Giarraputo Leonardo, Savastano Sergio, Napetti Sara
Ospedale San Bortolo, Vicenza, Italy.
Ospedale San Bortolo di Vicenza, Italy.
Pancreatology. 2020 Apr;20(3):569-570. doi: 10.1016/j.pan.2020.01.018. Epub 2020 Feb 17.
Embryology of the human pancreas is very complex and any alteration in its development may lead to congenital biliopancreatic malformations and anomalies not thoroughly studied in literature. We here report a case of trifurcation of the Wirsung duct, avery unusual variant of the main pancreatic duct.
An 80- year-old woman underwent a magnetic resonance imaging (MRI) of the abdomen and a magnetic resonance cholangiopancreatography (MRCP) to characterize a hypoechoic lesion of the pancreas detected with ultrasonography.
MRI and MRCP showed a 24-mm multicystic lesion communicating with a prominent main pancreatic duct, consistent with an intraductal papillary mucinous neoplasm, as well as an ansa pancreatica. Moreover a bifidity of the distal pancreatic duct and a further accessory duct of the body of the pancreas draining into the main pancreatic duct were identified. The pancreatic tail presented normal size and morphology on axial imaging. This anomaly, not reported yet in the literature, can be categorized as a number of a duplication anomaly, in which the main pancreatic duct is trifurcated along its length.
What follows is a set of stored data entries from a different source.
Section Gluing.
Variables (TA TX TC : finType) (eA : rel TA) (eX : rel TX) (eC : rel TC).
Variables (i : TA -> TC) (j : TX -> TC) (a0 a1 : TA) (x0 x1 : TX).

(* C is A and X glued crosswise along the pendant edges a0a1 and x0x1 (a0 and x0 being the
   leaves): the leaf of each tree is identified with the inner end of the other's edge. *)
Record leaf_gluing : Prop := LeafGluing {
  gluing_injl : injective i;
  gluing_injr : injective j;
  gluing_a0 : i a0 = j x1;
  gluing_a1 : i a1 = j x0;
  gluing_overlap : forall a x, i a = j x -> (a = a0 /\ x = x1) \/ (a = a1 /\ x = x0);
  gluing_cover : forall c, (exists a, c = i a) \/ (exists x, c = j x);
  gluing_edge : forall c c', eC c c' <->
    (exists a a', [/\ c = i a, c' = i a' & eA a a']) \/
    (exists x x', [/\ c = j x, c' = j x' & eX x x'])}.

End Gluing.

Lemma leaf_gluing_sym (TA TX TC : finType) (eA : rel TA) (eX : rel TX) (eC : rel TC)
    (i : TA -> TC) (j : TX -> TC) a0 a1 x0 x1 :
  leaf_gluing eA eX eC i j a0 a1 x0 x1 -> leaf_gluing eX eA eC j i x0 x1 a0 a1.
Proof.
case=> iI jI ia0 ia1 overlap cover edge; split => //.
- by move=> x a /esym /overlap [[-> ->]|[-> ->]]; [right | left].
- by move=> c; have [] := cover c; [right | left].
- move=> c c'; split => [/edge [] h | h]; [by right | by left | apply/edge].
  by case: h; [right | left].
Qed.

Section GluingEdges.
Variables (TA TX TC : finType) (eA : rel TA) (eX : rel TX) (eC : rel TC).
Variables (i : TA -> TC) (j : TX -> TC) (a0 a1 : TA) (x0 x1 : TX).
Hypotheses (graphA : is_graph eA) (leafA : leaf_edge eA a0 a1).
Hypothesis gluing : leaf_gluing eA eX eC i j a0 a1 x0 x1.

Lemma gluing_homl : {homo i : a a' / eA a a' >-> eC a a'}.
Proof. by move=> a a' eaa'; apply/(gluing_edge gluing); left; exists a, a'. Qed.

(* An X-edge between two points of A joins a0 and a1, which are adjacent in A too. *)
Lemma gluing_monol : {mono i : a a' / eA a a' >-> eC a a'}.
Proof.
have [[reflA symA] [ea01 _]] := (graphA, leaf_edge_adj leafA).
have overlap a x : i a = j x -> a \in [:: a0; a1].
  by case/(gluing_overlap gluing) => -[-> _]; rewrite !inE eqxx ?orbT.
move=> a a'; apply/idP/idP; last exact: gluing_homl.
have iI := gluing_injl gluing.
case/(gluing_edge gluing) => [[b [b' [/iI <- /iI <- //]]]|].
case=> [x [x' [/overlap aA /overlap a'A _]]].
by move: aA a'A; rewrite !inE => /pred2P [] -> /pred2P [] ->; rewrite ?reflA // symA.
Qed.

End GluingEdges.

Section Glued.
Variables (TA TX TC : finType) (eA : rel TA) (eX : rel TX) (eC : rel TC).
Variables (i : TA -> TC) (j : TX -> TC) (a0 a1 : TA) (x0 x1 : TX).
Hypotheses (treeA : is_tree eA) (treeX : is_tree eX).
Hypotheses (leafA : leaf_edge eA a0 a1) (leafX : leaf_edge eX x0 x1).
Hypothesis gluing : leaf_gluing eA eX eC i j a0 a1 x0 x1.

Let gluing' := leaf_gluing_sym gluing.
Let graphA : is_graph eA. Proof. by case: treeA. Qed.
Let graphX : is_graph eX. Proof. by case: treeX. Qed.
Let iI := gluing_injl gluing.
Let jI := gluing_injr gluing.
Let ia0 := gluing_a0 gluing.
Let ia1 := gluing_a1 gluing.
Let monoA := gluing_monol graphA leafA gluing.
Let monoX := gluing_monol graphX leafX gluing'.
(* Adjoining a basic open outside F would give a larger filter, which by
   maximality must meet K. *)
Lemma maximal_filter_avoiding_meet U : Om U -> ~ F U ->
  exists Z s, K Z /\ F s /\ s `&` U `<=` Z.
Proof.
have [[FOm [Fup Fcap]] [FK _]] := avF.
have FW := maximal_filter_avoiding_W; move=> OmU nFU; apply: NNPP => noK.
pose G := [set Z | Om Z /\ exists s, F s /\ s `&` U `<=` Z].
apply: (maxF (G := G)).
  split; first by move=> Z FZ; split; [apply: FOm|exists Z; split => // z []].
  by move=> /(_ U) GF; apply: nFU; apply: GF; split => //; exists W; split => // z [].
split; [split|split].
- by move=> Z [].
- split.
    move=> Z Z' [_ [s [Fs sZ]]] OmZ' ZZ'; split => //.
    by exists s; split => // z /sZ /ZZ'.
  move=> Z Z' [OmZ [s [Fs sZ]]] [OmZ' [s' [Fs' sZ']]]; split; first exact: viable_base_setI.
  exists (s `&` s'); split; first exact: Fcap.
  by move=> z [[sz s'z] Uz]; split; [apply: sZ|apply: sZ'].
- by move=> Z [_ [s [Fs sZ]]] KZ; apply: noK; exists Z, s.
- by move=> Z _; split => //; exists W; split => // z [].
Qed.

Lemma maximal_filter_avoiding_prime U V : Om U -> Om V -> F (U `|` V) ->
  F U \/ F V.
Proof.
have [[FOm [_ Fcap]] [FK _]] := avF; move=> OmU OmV FUV; apply: NNPP => nF.
have [Z1 [s1 [KZ1 [Fs1 sZ1]]]] :=
  maximal_filter_avoiding_meet OmU (fun FU => nF (or_introl FU)).
have [Z2 [s2 [KZ2 [Fs2 sZ2]]]] :=
  maximal_filter_avoiding_meet OmV (fun FV => nF (or_intror FV)).
have Fs : F ((s1 `&` s2) `&` (U `|` V)) by apply: (Fcap) => //; apply: Fcap.
apply: (FK _ Fs); have [_ [_ [Kdown _]]] := idK.
apply: (Kdown _ (Z1 `|` Z2)); [exact: idealU|exact: FOm _ Fs|].
by move=> z [[s1z s2z] [Uz|Vz]]; [left; apply: sZ1|right; apply: sZ2].
Qed.

End MaximalFilter.

(* The prime filter theorem for the lattice Om, phrased on the spectrum. *)
Lemma Xhat_separation : exists y, hat W y /\ forall U, hat U y -> ~ K U.
Proof.
have [KOm _] := idK.
have [F [avF maxF]] := filter_avoiding_maximal.
have FW := maximal_filter_avoiding_W avF maxF.
have [[FOm [Fup _]] [FK _]] := avF.
have [y yF] := prime_filter_point (proj1 avF) (Fup _ _ FW viable_base_setT (@subsetT _ W))
  (fun Fset0 => FK _ Fset0 (ideal0 idK)) (maximal_filter_avoiding_prime avF maxF).
exists y; split; first exact/(yF _ OmW).
by move=> U yU KU; apply: (FK _ _ KU); apply/(yF _ (KOm _ KU)).
Qed.
End Separation.

End Spectrum.

Arguments hat {X} Om U _.

Section StepFunctions.
Context {d : Order.disp_t} {D : bPOrderType d}.
Variables (X : topologicalType) (Om : set (set X)).
Hypothesis HOm : viable_base Om.
Implicit Types (f g h : Xhat Om -> D).

Notation iota := (iota_hat HOm).

Definition locally_above f : Prop :=
  forall z, exists I, is_ideal Om I /\ Ohat Om I z /\
    forall w, Ohat Om I w -> leD (f z) (f w).

Lemma locally_above_cont f : locally_above f -> cont_hat Om f.
Proof.
move=> fabove U [Uup _] y /= Ufy; have [I [idI [yI fI]]] := fabove y.
by exists I; split => //; split => // w wI; apply: Uup Ufy (fI w wI).
Qed.

Section StepJoin.
Variables (n : nat) (b : 'I_n -> D) (W : 'I_n -> set X) (f : Xhat Om -> D).
Hypotheses (OmW : forall i, Om (W i)) (f_step : is_step_join b (fun i => hat Om (W i)) f).

Lemma step_join_locally_above : locally_above f.
Proof.
move=> z; have [Z [OmZ [zZ ZW]]] := hat_bigcap HOm z OmW.
exists (downset Om Z); split; first exact: downset_ideal.
split => // w wZ; apply: (dlub_least (f_step z)) => c [i [zWi ->]].
apply: (dlub_ub (f_step w)); exists i; split => //.
exact: (hatS HOm (OmW i) (wZ : hat Om Z w) (ZW i zWi)).
Qed.

Lemma step_join_iota x : dlub [set c | exists i, W i x /\ c = b i] (f (iota x)).
Proof.
have -> : [set c | exists i, W i x /\ c = b i] =
          [set c | exists i, hat Om (W i) (iota x) /\ c = b i].
  by apply/seteqP; split => c [i [Wix ->]]; exists i; split => //; apply/(hat_iota HOm x (OmW i)).
exact: f_step.
Qed.

Lemma step_join_iota_le x y : (forall i, W i x -> hat Om (W i) y) -> leD (f (iota x)) (f y).
Proof.
move=> xy; apply: (dlub_least (step_join_iota x)) => c [i [Wix ->]].
by apply: (dlub_ub (f_step y)); exists i; split => //; apply: xy.
Qed.

Lemma step_join_gamma : consistent_family b (fun i => hat Om (W i)) ->
  consistent_family b W /\ is_step_join b W (f \o iota).
Proof.
move=> bcons; split; last exact (step_join_iota).
move=> J [x Jx]; apply: bcons; exists (iota x) => j Jj.
by apply/(hat_iota HOm x (OmW j)); apply: Jx.
Qed.

End StepJoin.

Lemma step_join_le_of_iota n (b : 'I_n -> D) (W : 'I_n -> set X) f
    m (c : 'I_m -> D) (V : 'I_m -> set X) g :
  (forall i, Om (W i)) -> is_step_join b (fun i => hat Om (W i)) f ->
  (forall j, Om (V j)) -> is_step_join c (fun j => hat Om (V j)) g ->
  (forall x, f (iota x) = g (iota x)) -> forall y, leD (f y) (g y).
Proof.
move=> OmW f_step OmV g_step fg y; apply: (dlub_least (f_step y)) => e [i [yWi ->]].
have [x [Wix xV]] := iota_agree HOm OmV (OmW i) yWi.
apply: (leD_trans (y := f (iota x))).
  by apply: (dlub_ub (step_join_iota OmW f_step x)); exists i.
by rewrite fg; apply: (step_join_iota_le OmV g_step) => j /xV.
Qed.

Lemma step_join_lift n (b : 'I_n -> D) (O : 'I_n -> set X) (h : X -> D) :
  @bounded_complete _ D -> (forall i, Om (O i)) -> consistent_family b O ->
  is_step_join b O h -> exists f,
    consistent_family b (fun i => hat Om (O i)) /\
    is_step_join b (fun i => hat Om (O i)) f /\ forall x, f (iota x) = h x.
Proof.
move=> bc OmO bcons h_step.
have lub_ex y : exists s, dlub [set c | exists i, hat Om (O i) y /\ c = b i] s.
  apply: bc; have [x [_ xO]] := iota_agree HOm OmO (viable_base_setT HOm) (hatT HOm y).
  have [u bu] := bcons [set j | hat Om (O j) y] (ex_intro _ x (fun j yj => (xO j).2 yj)).
  by exists u => a [i [yi ->]]; apply: bu.
pose f y := proj1_sig (cid (lub_ex y)).
have f_step : is_step_join b (fun i => hat Om (O i)) f by move=> y; rewrite /f; case: cid.
exists f; split.
  move=> J [y Jy]; exists (f y) => j Jj.
  by apply: (dlub_ub (f_step y)); exists j; split => //; apply: Jy.
by split => // x; apply: dlub_unique (step_join_iota OmO f_step x) (h_step x).
Qed.

Lemma directed_eval (A : set (Xhat Om -> D)) y :
  directed_rel (@fle _ D _) A -> directed_rel leD [set e | exists a, A a /\ e = a y].
Proof.
move=> [[a0 Aa0] dirA]; split; first by exists (a0 y), a0.
move=> _ _ [a1 [Aa1 ->]] [a2 [Aa2 ->]]; have [a [Aa [le1 le2]]] := dirA _ _ Aa1 Aa2.
by exists (a y); split; [exists a|split; [apply: le1|apply: le2]].
Qed.

Lemma pointwise_dlub_cont (A : set (Xhat Om -> D)) P :
  A `<=` cont_hat Om -> directed_rel (@fle _ D _) A ->
  (forall y, dlub [set e | exists a, A a /\ e = a y] (P y)) -> cont_hat Om P.
Proof.
move=> Acont dirA lubP U [Uup Udir] y /= UPy.
have [_ [[a [Aa ->]] Uay]] := Udir _ (directed_eval y dirA) _ (lubP y) UPy.
have [I [idI [yI Isub]]] := Acont a Aa U (conj Uup Udir) y Uay.
exists I; split => //; split => // w wI /=.
by apply: Uup (Isub w wI) _; apply: (dlub_ub (lubP w)); exists a.
Qed.

Variable D0 : set D.
Hypothesis basisD0 : is_basis D0.

(* The basic opens on which [e] is dominated by a single member of A form an
   ideal K.  If K missed O, a point y of hat O avoiding K would give, through a
   point x of O agreeing with y on the V_j, [e << g (iota x) <= g y <= P y],
   so by continuity some member of A stays above [e] on a basic neighbourhood
   of y, which then lies in K. *)
Lemma way_below_step_dominated (A : set (Xhat Om -> D)) P g
    m (c : 'I_m -> D) (V : 'I_m -> set X) (e : D) (O : set X) :
  A `<=` cont_hat Om -> directed_rel (@fle _ D _) A ->
  (forall y, dlub [set e | exists a, A a /\ e = a y] (P y)) ->
  (forall j, Om (V j)) -> is_step_join c (fun j => hat Om (V j)) g -> fle g P ->
  Om O -> (forall x, O x -> way_below e (g (iota x))) ->
  exists a, A a /\ forall y, hat Om O y -> leD e (a y).
Proof.
move=> Acont dirA lubP OmV g_step gP OmO eg; have [[a0 Aa0] dir2] := dirA.
pose K := [set U | Om U /\ exists a, A a /\ forall y, hat Om U y -> leD e (a y)].
have idK : is_ideal Om K.
  split; first by move=> U [].
  split; first by exists set0; split; [exact: viable_base_set0|exists a0; split => // y /hat0].
  split.
    move=> U U' [OmU' [a [Aa ea]]] OmU UU'; split => //; exists a; split => // y yU.
    exact/ea/(hatS HOm OmU' yU UU').
  move=> U1 U2 [Om1 [a1 [Aa1 ea1]]] [Om2 [a2 [Aa2 ea2]]].
  have [a [Aa [le1 le2]]] := dir2 _ _ Aa1 Aa2.
  exists (U1 `|` U2); split; last by split => z Hz; [left|right].
  split; first exact: viable_base_setU.
  exists a; split => // y /(hatU HOm Om1 Om2) [y1|y2].
  - exact: leD_trans (ea1 y y1) (le1 y).
  - exact: leD_trans (ea2 y y2) (le2 y).
suff [_ [a [Aa ea]]] : K O by exists a.
apply: NNPP => nKO.
have [y0 [y0O y0K]] := Xhat_separation HOm idK OmO nKO.
have [x [Ox xV]] := iota_agree HOm OmV OmO y0O.
have eP : way_below e (P y0).
  apply: way_below_le_trans (eg x Ox) _; apply: leD_trans (gP y0).
  by apply: (step_join_iota_le OmV g_step) => j /xV.
have e_open := way_below_scott_open basisD0 e.
have [_ [[a [Aa ->]] ea]] := e_open.2 _ (directed_eval y0 dirA) _ (lubP y0) eP.
have [I [idI [y0I Isub]]] := Acont a Aa _ e_open y0 ea.
have [U [IU y0U]] := Ohat_hat HOm y0I.
apply: (y0K U y0U); split; first by have [+ _] := idI; apply.
by exists a; split => // w wU; apply: way_below_le; apply: Isub w (hat_Ohat idI IU wU).
Qed.

Lemma step_way_below_fs n (b : 'I_n -> D) (O : 'I_n -> set X) f
    m (c : 'I_m -> D) (V : 'I_m -> set X) g :
  @is_dcpo _ D ->
  (forall i, Om (O i)) -> is_step_join b (fun i => hat Om (O i)) f ->
  (forall j, Om (V j)) -> is_step_join c (fun j => hat Om (V j)) g ->
  (forall i x, O i x -> way_below (b i) (g (iota x))) -> way_below_fs Om f g.
Proof.
move=> dcpo OmO f_step OmV g_step bg A Acont dirA s lub_s gs.
have /choice [P lubP] : forall y, exists t, dlub [set e | exists a, A a /\ e = a y] t.
  by move=> y; apply/dcpo/directed_eval.
have sP : fle s P.
  apply: lub_s.2.2; first exact: pointwise_dlub_cont lubP.
  by move=> a Aa y; apply: (dlub_ub (lubP y)); exists a.
have gP : fle g P by move=> y; apply: leD_trans (gs y) (sP y).
have /choice [a aP] : forall i, exists a, A a /\ forall y, hat Om (O i) y -> leD (b i) (a y).
  by move=> i; apply: (way_below_step_dominated Acont dirA lubP OmV g_step gP (OmO i)) => x /bg.
have fle_trans : forall h1 h2 h3 : Xhat Om -> D, fle h1 h2 -> fle h2 h3 -> fle h1 h3.
  by move=> h1 h2 h3 le12 le23 y; apply: leD_trans (le12 y) (le23 y).
have [a' [Aa' aa']] := directed_finite_ub fle_trans dirA (fun i => (aP i).1).
exists a'; split => // y; apply: (dlub_least (f_step y)) => e [i [yOi ->]].
exact: leD_trans ((aP i).2 y yOi) (aa' i y).
Qed.

Definition approximants g : set (Xhat Om -> D) :=
  [set h | locally_above h /\ forall z, way_below (h z) (g z)].
(* If the diagonal group <(a,x),(b,y),(c,z)> is no larger than <a,b,c>
   (e.g. because it is a quotient of it), then a,b,c |-> x,y,z extends to a
   morphism: the first projection is injective on the diagonal group. *)
Lemma gen3_transfer : gen3 (a, x) (b, y) (c, z) \homg gen3 a b c ->
  exists phi : {morphism gen3 a b c >-> mT},
    [/\ phi a = x, phi b = y & phi c = z].
Proof.
set H := gen3 (a, x) (b, y) (c, z) => homHG.
pose f := restrm (subsetT H) [morphism of @fst gT mT].
have fH : f @* H = gen3 a b c by rewrite morphim_restrm setIid fst_gen3.
have injf : 'injm f.
  apply/injmP/imset_injP; rewrite eqn_leq leq_imset_card -morphimEdom fH.
  exact/dvdn_leq/card_homg.
pose phi u := (invm injf u).2.
have phiM : {in gen3 a b c &, {morph phi : u v / u * v}}.
  by rewrite -fH => u v Hu Hv; rewrite /phi morphM.
exists (Morphism phiM).
have invE w : w \in [set (a, x); (b, y); (c, z)] -> (invm injf w.1).2 = w.2.
  by move=> Sw; rewrite -[w.1]/(f w) invmE // mem_gen.
split; [apply: (invE (a, x)) | apply: (invE (b, y)) | apply: (invE (c, z))];
  by rewrite !inE eqxx ?orbT.
Qed.

End Diagonal.

Lemma G_s0_morphism (s : nat) (gT mT : finGroupType) (a b c : gT) (x y z : mT) :
  is_G_s0 s a b c -> coxeter333_rel x y z -> (tr_u x y z) ^+ s = 1 ->
  exists phi : {morphism gen3 a b c >-> mT},
    [/\ phi a = x, phi b = y & phi c = z].
Proof.
case=> rel us iso relM usM; apply: gen3_transfer; rewrite iso.
by apply: gen3_homGrp_s0; [exact: coxeter333_pair | rewrite /= pairX us usM].
Qed.

Lemma G_ss_morphism (s : nat) (gT mT : finGroupType) (a b c : gT) (x y z : mT) :
  is_G_ss s a b c -> coxeter333_rel x y z -> (x * y * z) ^+ (2 * s)%N = 1 ->
  exists phi : {morphism gen3 a b c >-> mT},
    [/\ phi a = x, phi b = y & phi c = z].
Proof.
case=> rel gs iso relM gsM; apply: gen3_transfer; rewrite iso.
by apply: gen3_homGrp_ss; [exact: coxeter333_pair | rewrite /= pairX gs gsM].
Qed.

Section MorphTranslations.
Variables (gT mT : finGroupType) (a b c : gT) (x y z : mT).
Variable phi : {morphism gen3 a b c >-> mT}.
Hypotheses (phi_a : phi a = x) (phi_b : phi b = y) (phi_c : phi c = z).

Let Ga : a \in gen3 a b c. Proof. by case: (gen3_mem a b c). Qed.
Let Gb : b \in gen3 a b c. Proof. by case: (gen3_mem a b c). Qed.
Let Gc : c \in gen3 a b c. Proof. by case: (gen3_mem a b c). Qed.

Lemma gen3_translations :
  [/\ tr_u a b c \in gen3 a b c, tr_v a b c \in gen3 a b c,
      tr_g a b c \in gen3 a b c & tr_h a b c \in gen3 a b c].
Proof. by split; rewrite /tr_u /tr_v /tr_h /tr_g ?groupM ?groupX. Qed.

Lemma morph_translations :
  [/\ phi (tr_u a b c) = tr_u x y z, phi (tr_v a b c) = tr_v x y z,
      phi (tr_g a b c) = tr_g x y z & phi (tr_h a b c) = tr_h x y z].
Proof.
by split; rewrite /tr_u /tr_v /tr_h /tr_g ?morphX ?morphM ?groupM ?groupX
  ?phi_a ?phi_b ?phi_c.
Qed.

End MorphTranslations.

Section AbelianTransitive.
Variables (X : finType) (T : {group {perm X}}).
Hypothesis trT : [transitive T, on [set: X] | 'P].

Lemma cent_perm_eq (p q : {perm X}) (x : X) :
  p \in 'C(T) -> q \in 'C(T) -> p x = q x -> p = q.
Proof.
move=> /centP cp /centP cq pq; apply/permP => y.
have [t Tt ->] := atransP2 trT (in_setT x) (in_setT y).
by rewrite /= -!permM -(cp t Tt) -(cq t Tt) !permM pq.
Qed.

Hypothesis abT : abelian T.

Lemma abelian_transitive_cent : 'C(T) \subset T.
Proof.
apply/subsetP => p cTp; have /imsetP[x _ _] := trT.
have [t Tt tx] := atransP2 trT (in_setT x) (in_setT (p x)).
by rewrite (cent_perm_eq cTp (subsetP abT t Tt) tx).
Qed.

(* ... and it acts regularly, so its order is the number of points. *)
Lemma abelian_transitive_card : #|X| = #|T|.
Proof.
have /imsetP[x _ _] := trT.
rewrite -cardsT -(atransP trT x (in_setT x)) card_orbit.
suff -> : 'C_T[x | 'P] = 1 by rewrite indexg1.
apply/trivgP/subsetP => t /setIP[Tt /astab1P tx]; rewrite inE.
apply/eqP/(cent_perm_eq (x := x) (subsetP abT t Tt) (group1 _)).
by rewrite perm1.
Qed.

End AbelianTransitive.

Section AffineModel.
Variable s : nat.
Hypothesis s_gt1 : 1 < s.
Local Notation P := ('Z_s * 'Z_s)%type.
Local Open Scope ring_scope.

(* The affine reflections of (Z/s)^2 realising G_(s,0): rho0, rho1, rho2. *)
Definition aff0 (p : P) : P := (1 - p.1 - p.2, p.2).
Definition aff1 (p : P) : P := (p.2, p.1).
Definition aff2 (p : P) : P := (p.1, - p.1 - p.2).

Lemma aff0K : involutive aff0.
Proof. by case=> x y; rewrite /aff0 /=; congr pair; ring. Qed.
Lemma aff1K : involutive aff1. Proof. by case. Qed.
Lemma aff2K : involutive aff2.
Proof. by case=> x y; rewrite /aff2 /=; congr pair; ring. Qed.

Definition m0 : {perm P} := perm (inv_inj aff0K).
Definition m1 : {perm P} := perm (inv_inj aff1K).
Definition m2 : {perm P} := perm (inv_inj aff2K).

Lemma perm_invol_sq (f : P -> P) (fK : involutive f) :
  (perm (inv_inj fK) ^+ 2)%g = 1%g.
Proof. by apply/permP => p; rewrite expgS expg1 permM !permE fK ?perm1. Qed.

Lemma affine_rel : coxeter333_rel m0 m1 m2.
Proof.
split; first by split; apply: perm_invol_sq.
by split; apply/permP => -[x y];
  rewrite !expgS expg0 mulg1 !permM !permE ?perm1 /aff0 /aff1 /aff2 /=;
  congr pair; ring.
Qed.
(* Let $T$ be a finite tree with vertex set $\{u_1,\dots,u_n\}$, and let \[\cdots\to R^c(-4)\oplus R^b(-3)\to R^q(-2)\to R\to R/I(L(T))\to 0\] be the minimal graded free resolution of $R/I(L(T))$ (so $b=\beta_{2,3}(R/I(L(T)))$). Then \[b=\sum_{\{u_i,u_j\}\in E(T)}\binom{\deg u_i+\deg u_j-2}{2}-\sum_{i=1}^n\binom{\deg u_i}{3}.\]
   Context: Degrees are taken in $T$. The line graph $L(T)$ has vertex set $E(T)$, two vertices adjacent iff the corresponding edges share a vertex. $R=\Bbbk[e_{uv}:\{u,v\}\in E(T)]$ for a field $\Bbbk$, and $I(L(T))=\langle e_fe_g: f\neq g\in E(T),\ f\cap g\neq\emptyset\rangle$ is the edge ideal of $L(T)$. *)

From HB Require Import structures.
From mathcomp Require Import all_boot all_algebra.
From mathcomp Require Import mpoly.

Set Implicit Arguments.
Unset Strict Implicit.
Unset Printing Implicit Defensive.

Import GRing.Theory.
Local Open Scope ring_scope.

Section Graph.
Variables (V : finType) (e : rel V).

Definition simple_graph : Prop := ssrbool.symmetric e /\ irreflexive e.

Definition graph_edges : {set {set V}} :=
  [set s : {set V} | [exists x, exists y, e x y && (s == [set x; y])]].

Definition graph_connected : Prop := forall x y : V, connect e x y.

Definition graph_acyclic : Prop :=
  forall p : seq V, uniq p -> (3 <= size p)%N -> ~~ cycle e p.

Definition is_tree : Prop :=
  simple_graph /\ (0 < #|V|)%N /\ graph_connected /\ graph_acyclic.

Definition vdeg (x : V) : nat := #|[set y | e x y]|.

(* number of edges; the variables of R are indexed by 'I_nedges *)
Definition nedges : nat := #|graph_edges|.

Definition edge_of (i : 'I_nedges) : {set V} := @enum_val _ (mem graph_edges) i.

Definition line_adj (i j : 'I_nedges) : bool :=
  (i != j) && (edge_of i :&: edge_of j != set0).

(* the minimal monomial generators e_f e_g of I(L(T)), each unordered pair once *)
Definition line_gens : {set 'I_nedges * 'I_nedges} :=
  [set p : 'I_nedges * 'I_nedges | ((p.1 < p.2)%N && line_adj p.1 p.2)].

Definition ngens : nat := #|line_gens|.

Section Ring.
Variable K : fieldType.

Definition gen_mon (k : 'I_ngens) : {mpoly K[nedges]} :=
  let p := @enum_val _ (mem line_gens) k in 'X_p.1 * 'X_p.2.

(* F_1 = R(-2)^q --> R ; an element of (F_1)_3 is a q-tuple of linear forms,
   encoded by its coefficient matrix c (row k = linear form of generator k) *)
Definition syz_image (c : 'M[K]_(ngens, nedges)) : {mpoly K[nedges]} :=
  \sum_(k < ngens) ((\sum_(f < nedges) c k f *: 'X_f) * gen_mon k).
Congenital anomalies of the pancreas and pancreatic duct are rare but not uncommonly detected on diagnostic imaging. MRI and MRCP are the non-invasive imaging modalities of choice for diagnosing congenital anomalies of the pancreas and the pancreatic duct.
人类胰腺的胚胎学非常复杂,其发育过程中的任何改变都可能导致先天性胆胰畸形,而这些畸形在文献中尚未得到充分研究。我们在此报告一例主胰管的非常见变异——维尔松管(Wirsung duct)三分叉的病例。
一名80岁女性接受了腹部磁共振成像(MRI)和磁共振胰胆管造影(MRCP)检查,以明确超声检查发现的胰腺低回声病变的特征。
MRI和MRCP显示一个24毫米的多囊性病变与一条明显的主胰管相通,符合导管内乳头状黏液性肿瘤,以及一个胰袢。此外,还发现胰腺远端导管双叉分支以及胰腺体部另一条副胰管汇入主胰管。胰腺尾部在轴位成像上大小和形态正常。这种异常在文献中尚未见报道,可归类为重复畸形的一种,即主胰管在其走行过程中出现三分叉。
胰腺和胰管的先天性异常较为罕见,但在诊断性影像学检查中并不少见。MRI和MRCP是诊断胰腺和胰管先天性异常的首选非侵入性影像学检查方法。